TASK TO CARRY OUT: Search for the word "constructor" in the entries. Each line that holds it should be copied.

━━━ DATASET ━━━

Section Orbits.
Context {T : Type} {op : T -> T -> T} (hrack : is_rack op) (gen : T -> Prop).
Hypothesis gen_commute :
  forall g h u, gen g -> gen h -> op g (op h u) = op h (op g u).

Inductive orbit (c : T) : T -> Prop :=
| orbit_refl : orbit c c
| orbit_forward g w : gen g -> orbit c w -> orbit c (op g w)
| orbit_backward g w : gen g -> orbit c (op g w) -> orbit c w.

Definition acts_as_generator (a : T) : Prop :=
  exists c, gen c /\ forall z, op a z = op c z.

Lemma orbit_translation c w : gen c -> orbit c w -> forall z, op w z = op c z.
Proof.
  intros Hc Hw. induction Hw as [|g w Hg _ IH|g w Hg _ IH]; intros z.
  - reflexivity.
  - destruct (translation_surjective hrack g z) as [a <-].
    rewrite <- (self_distributive hrack), IH. apply gen_commute; assumption.
  - apply (translation_injective hrack g).
    rewrite (self_distributive hrack), IH. symmetry. apply gen_commute; assumption.
Qed.

Lemma orbit_acts_as_generator c w : gen c -> orbit c w -> acts_as_generator w.
Proof. intros Hc Hw. exists c. split; [exact Hc|exact (orbit_translation c w Hc Hw)]. Qed.

Lemma orbit_closed a c b : acts_as_generator a -> orbit c b -> orbit c (op a b).
Proof.
  intros [g [Hg Ea]] Hb. rewrite Ea. apply orbit_forward; assumption.
Qed.

Lemma orbit_solvable a c b : acts_as_generator a -> orbit c b ->
  exists z, orbit c z /\ op a z = b.
Proof.
  intros [g [Hg Ea]] Hb. destruct (translation_surjective hrack g b) as [z Hz].
  exists z. split.
  - apply (orbit_backward c g z Hg). rewrite Hz. exact Hb.
  - rewrite Ea. exact Hz.
Qed.

Lemma orbit_fixed_point d : (forall g, gen g -> op g d = d) ->
  forall c w, orbit c w -> (w = d <-> c = d).
Proof.
  intros Fix c w Hw. induction Hw as [|g w Hg _ IH|g w Hg _ IH].
  - tauto.
  - rewrite <- IH. split; intros E.
    + apply (translation_injective hrack g). rewrite Fix; assumption.
    + subst. apply Fix; assumption.
  - rewrite <- IH. split; intros E.
    + subst. apply Fix; assumption.
    + apply (translation_injective hrack g). rewrite Fix; assumption.
Qed.

Lemma orbit_subrack c : gen c -> subrack op (orbit c).
Proof.
  intros Hc. split; [exists c; constructor|split]; intros a b Ha Hb.
  - exact (orbit_closed a c b (orbit_acts_as_generator c a Hc Ha) Hb).
  - exact (orbit_solvable a c b (orbit_acts_as_generator c a Hc Ha) Hb).
Qed.

Lemma orbit_union_acts_as_generator c d : gen c -> gen d ->
  forall a, orbit c a \/ orbit d a -> acts_as_generator a.
Proof.
  intros Hc Hd a [Ha|Ha].
  - exact (orbit_acts_as_generator c a Hc Ha).
  - exact (orbit_acts_as_generator d a Hd Ha).
Qed.

Lemma orbit_union_subrack c d : gen c -> gen d ->
  subrack op (fun t => orbit c t \/ orbit d t).
Proof.
  intros Hc Hd.
  pose proof (orbit_union_acts_as_generator c d Hc Hd) as Gen.
  split; [exists c; left; constructor|split]; intros a b Ha Hb.
  - destruct Hb; [left|right]; apply orbit_closed; auto.
  - destruct Hb as [Hb|Hb];
      destruct (orbit_solvable a _ b (Gen a Ha) Hb) as [z [Hz Ez]];
      exists z; auto.
Qed.

Lemma orbit_acted_onto (P : T -> Prop) c :
  (exists a, P a) -> (forall a, P a -> acts_as_generator a) ->
  acts_onto op P (orbit c).
Proof.
  intros [a0 Ha0] Gen t. split.
  - intros Ht. destruct (orbit_solvable a0 c t (Gen a0 Ha0) Ht) as [z [Hz Ez]].
    exists a0, z. auto.
  - intros [a [b [Ha [Hb <-]]]]. exact (orbit_closed a c b (Gen a Ha) Hb).
Qed.

(* If every generator other than [d] fixes [d], the orbit of [d] meets the
   orbit of no other generator: a common element [t] would force [d] to act
   as [c], making [d] a common fixed point, alone in its orbit. *)
Lemma orbits_disjoint c d : gen c -> gen d -> c <> d ->
  (forall g, gen g -> g = d \/ op g d = d) ->
  forall t, ~ (orbit c t /\ orbit d t).
Proof.
  intros Hc Hd Ncd Fix t [Tc Td].
  assert (Ecd : op c d = d) by (destruct (Fix c Hc); [contradiction|assumption]).
  assert (Edd : op d d = d).
  { rewrite <- (orbit_translation d t Hd Td), (orbit_translation c t Hc Tc).
    exact Ecd. }
  assert (AllFix : forall g, gen g -> op g d = d)
    by (intros g Hg; destruct (Fix g Hg) as [->|]; assumption).
  apply Ncd. apply (orbit_fixed_point d AllFix c t Tc).
  exact (proj2 (orbit_fixed_point d AllFix d t Td) eq_refl).
Qed.

Lemma orbit_decomposition c d : gen c -> gen d -> c <> d ->
  (forall g, gen g -> g = d \/ op g d = d) ->
  decomposition op (fun t => orbit c t \/ orbit d t) (orbit c) (orbit d).
Proof.
  intros Hc Hd Ncd Fix.
  pose proof (orbit_union_acts_as_generator c d Hc Hd) as Gen.
  assert (NonEmpty : exists a, orbit c a \/ orbit d a) by (exists c; left; constructor).
  split; [apply orbit_union_subrack; assumption|].
  split; [apply orbit_subrack; assumption|].
  split; [apply orbit_subrack; assumption|].
  split; [intros t; tauto|].
  split; [exact (orbits_disjoint c d Hc Hd Ncd Fix)|].
  split; apply orbit_acted_onto; assumption.
Qed.

End Orbits.

Arguments orbit {T} op gen c _.

Section ProductLift.
Context {X Y : Type} {opX : X -> X -> X} {opY : Y -> Y -> Y} (hX : is_rack opX).

Lemma lift_subrack (A : Y -> Prop) : subrack opY A ->
  subrack (prod_op opX opY) (fun p => A (snd p)).
Proof.
  intros [[a Ha] [Closed Solve]]. destruct hX as [[x0] _].
  split; [exists (x0, a); exact Ha|split].
  - intros p q Hp Hq. exact (Closed _ _ Hp Hq).
  - intros [px py] [qx qy] Hp Hq. destruct (Solve _ _ Hp Hq) as [zy [Hzy Ey]].
    destruct (translation_surjective hX px qx) as [zx Ex].
    exists (zx, zy). split; [exact Hzy|]. simpl in Ey. unfold prod_op; simpl. rewrite Ex, Ey. reflexivity.
Qed.
(* Let $\tau\subset\mathbb{Z}^n_{\ge0}$ be a B-facet and let $E\subset\mathbb{R}^n$ be a coordinate subspace such that $E\cap\tau$ is a V-face of $\tau$ contained in $E$ (so $\dim E=\dim(E\cap\tau)+1$) which is not a B-face. Let $p_E:\mathbb{Z}^n\to\mathbb{Z}^{n-\dim E}$ be the projection forgetting the coordinates belonging to $E$. Then $p_E(\tau)\subset\mathbb{Z}^{n-\dim E}_{\ge0}$ is a B-polytope.
   Context: A polytope is a finite subset of $\mathbb{Z}^n$; its dimension is the dimension of its affine span; a face of a finite set $S$ is $S\cap G$ for a face $G$ of the convex hull of $S$. A $k$-simplex is a set of $k+1$ affinely independent points; a $k$-simplex $S\subset\mathbb{Z}^m_{\ge0}$ is a B-simplex if there is an index $i$ with exactly $k$ vertices in $\{x_i=0\}$ and the remaining vertex having $x_i=1$. A B-facet in $\mathbb{Z}^n_{\ge0}$ is a finite set $\tau\subset\mathbb{Z}^n_{\ge0}$ whose affine span is a hyperplane $\{\langle a,x\rangle=b\}$ with all $a_j>0$, such that every $(n-1)$-simplex with vertices in $\tau$ is a B-simplex. A coordinate subspace is the linear span of some standard basis vectors. A face $F$ of $\tau$ is a V-face if it is contained in a coordinate subspace $E$ with $\dim E=\dim F+1$; such $F$ is a B-face if every $(\dim F)$-simplex with vertices in $F$ is a B-simplex when regarded in $\mathbb{Z}^{\dim E}_{\ge0}$ via the coordinates of $E$. A B-polytope in $\mathbb{Z}^m_{\ge0}$ is a finite set $P\subset\mathbb{Z}^m_{\ge0}$ of dimension $m$ such that every $(m-1)$-simplex with vertices in $P$ either is a B-simplex or has affine span containing the origin. *)

From HB Require Import structures.
From mathcomp Require Import all_boot all_order all_algebra.
From mathcomp Require Import finmap.
Set Implicit Arguments. Unset Strict Implicit. Unset Printing Implicit Defensive.
Import Order.TTheory GRing.Theory Num.Theory.
Local Open Scope ring_scope.
Local Open Scope fset_scope.

Definition pt (D : finType) := {ffun D -> int}.

Section Defs.
Variable D : finType.

Definition nonneg (x : pt D) : bool := [forall j, (0 <= x j)%R].

(* the point x as a rational vector, prefixed with a homogenizing 1 *)
Definition liftq (x : pt D) : 'rV[rat]_(1 + #|D|) :=
  row_mx (1 : 'M[rat]_1) (\row_(j < #|D|) ((x (enum_val j))%:~R : rat)).

Definition liftmx (S : {fset pt D}) : 'M[rat]_(size (enum_fset S), 1 + #|D|) :=
  \matrix_(i < size (enum_fset S)) liftq (nth [ffun=> 0%R] (enum_fset S) i).

Definition aff_indep (S : {fset pt D}) : bool := \rank (liftmx S) == #|` S|.

Definition adim (S : {fset pt D}) : nat := (\rank (liftmx S)).-1.

Definition simplex (k : nat) (S : {fset pt D}) : Prop :=
  #|` S| = k.+1 /\ aff_indep S.

Definition in_aspan (S : {fset pt D}) (x : D -> rat) : Prop :=
  exists lam : pt D -> rat,
    \sum_(s <- S) lam s = 1 /\
    forall j, x j = \sum_(s <- S) lam s * (s j)%:~R.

━━━

RESPONSE TO THE EXERCISE:
  intros Hc. split; [exists c; constructor|split]; intros a b Ha Hb.
  split; [exists c; left; constructor|split]; intros a b Ha Hb.
  assert (NonEmpty : exists a, orbit c a \/ orbit d a) by (exists c; left; constructor).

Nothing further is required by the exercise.